McGeorge School of Law

Professor Börk’s Utah Law Review Article on Guest Species Tops Recent Downloads on SSRN

June 1, 2018

Professor Bork posing with a stripped bass

Visiting Professor Karrigan Bork teaches environmental law and California environment cases & places at McGeorge School of Law.

Bork teaching Environmental Law

Bork teaching Environmental Law

Visiting Professor Karrigan Börk's article, "Guest Species: Rethinking Our Approach to Biodiversity in the Anthropocene, was published in the first issue of Volume 2018 of the Utah Law Review in February 2018. His article is topping the charts for most popular downloads on the Social Science Research Network (SSRN) and Utah Law Review websites.

On SSRN, Professor Börk's article is No. 1 in recent top papers in the categories of Conservation, Biology and Sustainability, Natural Resources Law and Policy and (tied) Environment as of June 1, 2018. It is also No. 1 on Utah Law Review's "Most Popular Papers" list as of May 15, 2018. The California WaterBlog posted an article by Professor Bork related to his research paper, "Guest Species - What about the nonnative species we like?" on May 28, 2018.

Professor Börk's Utah Law Review article "examines management of nonnative species to illustrate the problems with using the false dichotomy between nature and humanity to determine what is environmentally good or environmentally bad. Nonnative species in North America cause more than $120 billion per year in damages. But the broad narrative of evil invasive species obfuscates something important-many nonnative species offer important cultural, economic, and environmental benefits that outweigh their negative impacts. The existing legal literature virtually ignores these species and the moral and legal questions they raise. In light of the Anthropocene and the philosophical and regulatory readjustment it requires, we should not vilify all nonnative species, but rather evaluate them on their own merits. Guest species (nonnative species that we welcome into our ecosystems meet human needs and wants) offer environmental benefits, but our environmental laws and administrative decisions fail to honestly address the costs and benefits of welcoming these species." Read the full article here.
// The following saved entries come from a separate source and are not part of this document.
(** * Greene's theorem *)

Definition shape_sum (j : nat) (T : seq (seq nat)) : nat := \sum_(i < j) size (nth [::] T i).

Fixpoint row_coloring (k : nat) (T : seq (seq nat)) : seq (nat * nat) :=
  if T is r :: T' then row_coloring k.+1 T' ++ [seq (a, k) | a <- r] else [::].

Lemma unzip1_row_coloring k T : unzip1 (row_coloring k T) = reading T.
Proof.
elim: T k => [|r T IH] k //=; rewrite reading_cons /unzip1 map_cat -/(unzip1 _) IH.
by rewrite -map_comp map_id.
Qed.

Lemma color_class_const c k r : color_class c [seq (a, k) | a <- r] = if c == k then r else [::].
Proof. by elim: r => [|a r IH] /=; rewrite ?color_class_cons ?IH; case: eqP. Qed.

Lemma color_class_row_coloring c k T :
  color_class c (row_coloring k T) = if k <= c then nth [::] T (c - k) else [::].
Proof.
elim: T k => [|r T IH] k /=; first by rewrite nth_nil if_same.
rewrite color_class_cat IH color_class_const; case: (ltngtP k c) => [kc|ck|->] /=.
- by rewrite cats0 subnS -[c - k]prednK ?subn_gt0.
- by [].
- by rewrite subnn.
Qed.

Lemma weight_classes j s : weight j s = \sum_(c < j) size (color_class c s).
Proof.
elim: j => [|j IH]; first by rewrite big_ord0 /weight (eq_count (a2 := pred0)) ?count_pred0.
rewrite big_ord_recr -IH /= /color_class size_map size_filter /weight.
elim: s {IH} => //= e s ->; rewrite ltnS leq_eqVlt eq_sym.
by case: ltngtP => //= _; rewrite ?add0n ?addn0 // addnCA addnA.
Qed.

Lemma greene_cover_tableau j T : all (pairwise ltn) T -> greene_cover j (reading T) (shape_sum j T).
Proof.
move=> pT; exists (row_coloring 0 T); split; first exact: unzip1_row_coloring.
  move=> c _; rewrite color_class_row_coloring subn0 /=.
  by have [cT|cT] := ltnP c (size T); [apply: (all_nthP [::] pT) | rewrite nth_default].
rewrite weight_classes /shape_sum; apply/eq_leq/eq_bigr => c _.
by rewrite color_class_row_coloring subn0.
Qed.

Lemma size_pairwise_ltn_gtn (l : seq nat) : pairwise ltn l -> pairwise gtn l -> size l <= 1.
Proof. by case: l => [|a [|b l]] //= /andP[/andP[ab _] _] /andP[/andP[ba _] _]; lia. Qed.

Lemma classes_incr_subseq j s s' : subseq s' s -> classes_incr j s -> classes_incr j s'.
Proof.
move=> sub; apply: classes_incr_sub => k _.
by apply/map_subseq; rewrite subseq_filter filter_all /= (subseq_trans (filter_subseq _ _) sub).
Qed.

(* A decreasing word meets each increasing class at most once. *)
Lemma weight_decreasing j s : classes_incr j s -> pairwise gtn (unzip1 s) -> weight j s <= j.
Proof.
move=> inc_s dec_s; rewrite weight_classes -[leqRHS]card_ord -sum1_card leq_sum // => c _.
apply: size_pairwise_ltn_gtn; first exact: inc_s.
exact: subseq_pairwise (color_class_sub c s) dec_s.
Qed.

Lemma flatten_rev_cons (A : Type) (x : seq A) (X : seq (seq A)) :
  flatten (rev (x :: X)) = flatten (rev X) ++ x.
Proof. by rewrite rev_cons flatten_rcons. Qed.

Lemma unzip1_readingP (s : seq (nat * nat)) T : unzip1 s = reading T ->
  exists CT, map unzip1 CT = T /\ s = flatten (rev CT).
Proof.
elim: T s => [|r T IH] s; first by case: s => // _; exists [::].
rewrite reading_cons -[_ ++ r]cats0 -catA.
case/unzip1_catP=> s1 [s2 [[|??] [-> /IH[CT [<- ->]] <- //]]].
by exists (s2 :: CT); rewrite flatten_rev_cons cats0.
Qed.

Section ColoredRows.

Variable CT : seq (seq (nat * nat)).

Lemma weight_take_drop j : weight j (flatten (rev CT)) =
  weight j (flatten (rev (map (drop 1) CT))) + weight j (flatten (rev (map (take 1) CT))).
Proof.
elim: CT => [|r CT' IH] //=; rewrite !flatten_rev_cons !weight_cat IH.
by rewrite -{1}(cat_take_drop 1 r) weight_cat; lia.
Qed.

Lemma subseq_flatten_rev_map f : (forall r, subseq (f r) r) ->
  subseq (flatten (rev (map f CT))) (flatten (rev CT)).
Proof.
move=> fsub; elim: CT => [|r CT' IH] //=.
by rewrite !flatten_rev_cons; apply: cat_subseq.
Qed.

Lemma unzip1_flatten_rev_map (f : seq (nat * nat) -> seq (nat * nat)) (g : seq nat -> seq nat) :
  (forall r, unzip1 (f r) = g (unzip1 r)) ->
  unzip1 (flatten (rev (map f CT))) = reading (map g (map unzip1 CT)).
Proof.
move=> fg; rewrite /reading /unzip1 map_flatten !map_rev -!map_comp; congr (flatten (rev _)).
exact: eq_map.
Qed.

End ColoredRows.

Lemma col_strict_trans : transitive col_strict.
Proof.
move=> r1 r0 r2 /col_strictP[s01 lt01] /col_strictP[s12 lt12]; apply/col_strictP.
split=> [|c cr2]; first exact: leq_trans s12 s01.
exact: ltn_trans (lt01 c (leq_trans cr2 s12)) (lt12 c cr2).
Qed.

Lemma col_strict_nil r : col_strict [::] r -> r = [::].
Proof. by case: r. Qed.

Lemma col_strict_drop1 r r' : col_strict r r' -> col_strict (drop 1 r) (drop 1 r').
Proof.
move/col_strictP=> [sz lt]; apply/col_strictP; rewrite !size_drop leq_sub2r //.
by split=> // c cr'; rewrite !nth_drop; apply: lt; rewrite -ltn_subRL.
Qed.

Lemma sorted_col_strict_drop1 T : sorted col_strict T -> sorted col_strict (map (drop 1) T).
Proof.
case: T => [|r T] //=; elim: T r => [|r1 T IH] r //= /andP[cs p].
by rewrite col_strict_drop1 // IH.
Qed.

Lemma col_strict_take1 r r' a b : col_strict r r' -> a \in take 1 r -> b \in take 1 r' -> a < b.
Proof.
case: r' => [|b' r'] // /col_strictP[sz lt]; case: r sz lt => [|a' r] // _ lt.
by rewrite /= !take0 !inE => /eqP-> /eqP->; apply: (lt 0).
Qed.

Lemma first_column_decreasing T : sorted col_strict T -> pairwise gtn (reading (map (take 1) T)).
Proof.
rewrite (sorted_pairwise col_strict_trans).
have -> : reading (map (take 1) T) = rev (flatten (map (take 1) T)).
  rewrite rev_flatten -map_comp /reading; congr (flatten (rev _)).
  by apply: eq_map => -[|a r] /=; rewrite ?take0.
rewrite pairwise_rev; elim: T => [|r T IH] //= /andP[csr pT].
rewrite pairwise_cat IH // andbT; apply/andP; split.
  apply/allrelP => a b ar /flatten_mapP[r' r'T br'].
  exact: col_strict_take1 (allP csr r' r'T) ar br'.
by case: r {csr} => //= a r; rewrite take0.
Qed.

Lemma nth_map_drop1 (T : seq (seq nat)) i : nth [::] (map (drop 1) T) i = drop 1 (nth [::] T i).
Proof. by elim: T i => [|r T IH] [|i] //=; rewrite drop_oversize. Qed.

Lemma shape_sum_drop1 j T : shape_sum j T =
  shape_sum j (map (drop 1) T) + \sum_(i < j) size (take 1 (nth [::] T i)).
Proof.
rewrite /shape_sum -big_split; apply: eq_bigr => i _.
by rewrite /= nth_map_drop1 addnC -size_cat cat_take_drop.
Qed.

Lemma sorted_col_strict_nil T : sorted col_strict ([::] :: T) -> reading (map (take 1) T) = [::].
Proof.
elim: T => //= r T IH /andP[/col_strict_nil -> sT].
by rewrite reading_cons IH.
Qed.

Lemma first_column_count j T : sorted col_strict T ->
  minn j (size (reading (map (take 1) T))) <= \sum_(i < j) size (take 1 (nth [::] T i)).
Proof.
elim: T j => [|r T IH] [|j] sT; rewrite ?min0n ?minn0 ?big_ord0 //.
rewrite big_ord_recl /= reading_cons size_cat; case: r sT => [|a r] sT.
  by rewrite sorted_col_strict_nil.
by rewrite /= take0 addn1 minnSS add1n ltnS IH // (path_sorted sT).
Qed.

Lemma weight_colored_tableau j N CT : all (fun r => size r <= N) CT ->
  sorted col_strict (map unzip1 CT) -> classes_incr j (flatten (rev CT)) ->
  weight j (flatten (rev CT)) <= shape_sum j (map unzip1 CT).
Proof.
elim: N CT => [|N IH] CT szCT sT inc.
  suff -> : flatten (rev CT) = [::] by [].
  elim: CT szCT {sT inc} => //= r CT IHCT /andP[]; rewrite leqn0 => /nilP-> /IHCT.
  by rewrite flatten_rev_cons => ->.
set T := map unzip1 CT; rewrite weight_take_drop (shape_sum_drop1 j T) leq_add //.
  have mapE : map unzip1 (map (drop 1) CT) = map (drop 1) T.
    by rewrite -!map_comp; apply/eq_map => r; rewrite /= /unzip1 map_drop.
  rewrite -mapE; apply: IH.
  - by rewrite all_map; apply: sub_all szCT => r /=; rewrite size_drop leq_subLR.
  - by rewrite mapE sorted_col_strict_drop1.
  - exact: classes_incr_subseq (subseq_flatten_rev_map CT (fun r => drop_subseq r 1)) inc.
have col1 := unzip1_flatten_rev_map CT (fun r => map_take 1 fst r).
apply: leq_trans (first_column_count j sT); rewrite leq_min; apply/andP; split.
  apply: weight_decreasing; last by rewrite col1 first_column_decreasing.
  exact: classes_incr_subseq (subseq_flatten_rev_map CT (fun r => take_subseq r 1)) inc.
by rewrite -col1 size_map; apply: count_size.
Qed.

Theorem greene j w : uniq w ->
  greene_cover j w (shape_sum j (rsk_P w)) /\
  forall m, greene_cover j w m -> m <= shape_sum j (rsk_P w).
Proof.
move=> uw; have cover_P m := knuth_eq_cover j m (knuth_eq_rsk_P uw).
split=> [|m]; rewrite -cover_P; first exact/greene_cover_tableau/rsk_P_rows_incr.
case=> s [/unzip1_readingP[CT [ET ->]] inc ms]; apply: leq_trans ms _; rewrite -ET.
apply: (@weight_colored_tableau _ (\max_(r <- CT) size r)).
- by apply/allP => r rCT; apply: leq_bigmax_seq.
- by rewrite ET; apply: rsk_P_col_strict.
- exact: inc.
Qed.

(** * Adjacent transpositions *)

Lemma uniq_swap2 (u v : seq nat) a b : uniq (u ++ [:: a; b] ++ v) = uniq (u ++ [:: b; a] ++ v).
Proof. by apply/perm_uniq; rewrite perm_cat2l perm_cat2r (perm_catC [:: a] [:: b]). Qed.

Lemma shape_sum_rsk_sort2 j u v a b : a < b -> uniq (u ++ [:: a; b] ++ v) ->
  shape_sum j (rsk_P (u ++ [:: b; a] ++ v)) <= shape_sum j (rsk_P (u ++ [:: a; b] ++ v))
  <= shape_sum j (rsk_P (u ++ [:: b; a] ++ v)) + 1.
Proof.
move=> ab uw; have uw' : uniq (u ++ [:: b; a] ++ v) by rewrite -uniq_swap2.
have [cov max] := greene j uw; have [cov' max'] := greene j uw'.
apply/andP; split; first exact/max/(cover_sort2 ab cov').
by have := max' _ (cover_unsort2 ab cov); rewrite -subn1 leq_subLR addnC.
Qed.

Lemma swap_adjE (w : seq nat) p : p.+1 < size w ->
  w = take p w ++ [:: nth 0 w p; nth 0 w p.+1] ++ drop p.+2 w /\
  swap_adj w p = take p w ++ [:: nth 0 w p.+1; nth 0 w p] ++ drop p.+2 w.
Proof.
elim: p w => [|p IH] [|c w] //= ltp.
  by case: w ltp => [|d w] //= _; rewrite drop0.
have [E1 E2] := IH w ltp; split; first by rewrite {1}E1.
by rewrite /swap_adj /= -/(swap_adj w p) E2.
Qed.

Lemma shape_sum_rsk_swap_adj j w p : uniq w -> p.+1 < size w ->
  if nth 0 w p < nth 0 w p.+1 then
    shape_sum j (rsk_P (swap_adj w p)) <= shape_sum j (rsk_P w)
      <= shape_sum j (rsk_P (swap_adj w p)) + 1
  else
    shape_sum j (rsk_P w) <= shape_sum j (rsk_P (swap_adj w p))
      <= shape_sum j (rsk_P w) + 1.
Proof.
move=> uw /swap_adjE[E1 ->]; rewrite [in rsk_P w]E1; rewrite E1 in uw.
move: (take p w) (nth 0 w p) (nth 0 w p.+1) (drop p.+2 w) uw => u a b v uw.
case: ltngtP => ab; first exact: shape_sum_rsk_sort2.
  by apply: shape_sum_rsk_sort2; rewrite // -uniq_swap2.
by move: uw; rewrite ab cat_uniq /= mem_head !andbF.
Qed.

Lemma count_steps_bounds (f : nat -> nat) (d : nat -> bool) t :
  (forall m, m < t -> if d m then f m.+1 <= f m <= f m.+1 + 1 else f m <= f m.+1 <= f m + 1) ->
  f t <= f 0 + count (fun m => ~~ d m) (iota 0 t) /\ f 0 <= f t + count d (iota 0 t).
Proof.
elim: t => [|t IH] steps; first by rewrite !addn0.
have [le1 le2] := IH (fun m mt => steps m (ltnW mt)).
rewrite -[in iota 0 t.+1]addn1 iotaD !count_cat /=.
by have := steps t (ltnSn t); case: (d t) => /= /andP[]; lia.
Qed.

Lemma sum_part_shape j T : \sum_(i < j) part (map size T) i = shape_sum j T.
Proof.
apply: eq_bigr => i _; rewrite /part.
by have [iT|iT] := ltnP i (size T); [rewrite (nth_map [::]) | rewrite !nth_default ?size_map].
Qed.

Lemma oneline_uniq n (s : 'S_n) : uniq (oneline s).
Proof. by rewrite map_inj_uniq ?enum_uniq // => i k /val_inj; apply: perm_inj. Qed.

Lemma size_oneline n (s : 'S_n) : size (oneline s) = n.
Proof. by rewrite size_map size_enum_ord. Qed.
Professor Börk joined McGeorge on Aug. 1, 2015, as a Visiting Assistant Professor of Law, and as a Visiting Assistant Professor in the Department of Earth and Environmental Sciences at University of the Pacific. He was appointed as a Research Associate at the UC Davis Center for Watershed Sciences in January 2018. His research concerns environmental law, natural resources law, international law, and administrative law, focusing on the interplay of science and law, with the goal of producing scholarship that will be useful to practicing lawyers, judges, and policy makers in the environmental field. His most recent publications explore the Anthropocene and what it may mean for environmental protection. Professor Börk graduated with Distinction and Pro Bono Distinction from Stanford Law School in 2009, and completed his Ph.D. dissertation in Ecology at UC Davis in September 2011. He clerked for Tenth Circuit Chief Judge Mary Beck Briscoe, U.S. District Court Judge Julie Robinson, and, most recently, Judge Janice Karlin on the U.S. Bankruptcy Court for the District of Kansas. At McGeorge he developed the law course "California Environmental Cases and Places," which includes significant field work, including a multi-day field trip, to explore the real-world impacts of environmental law.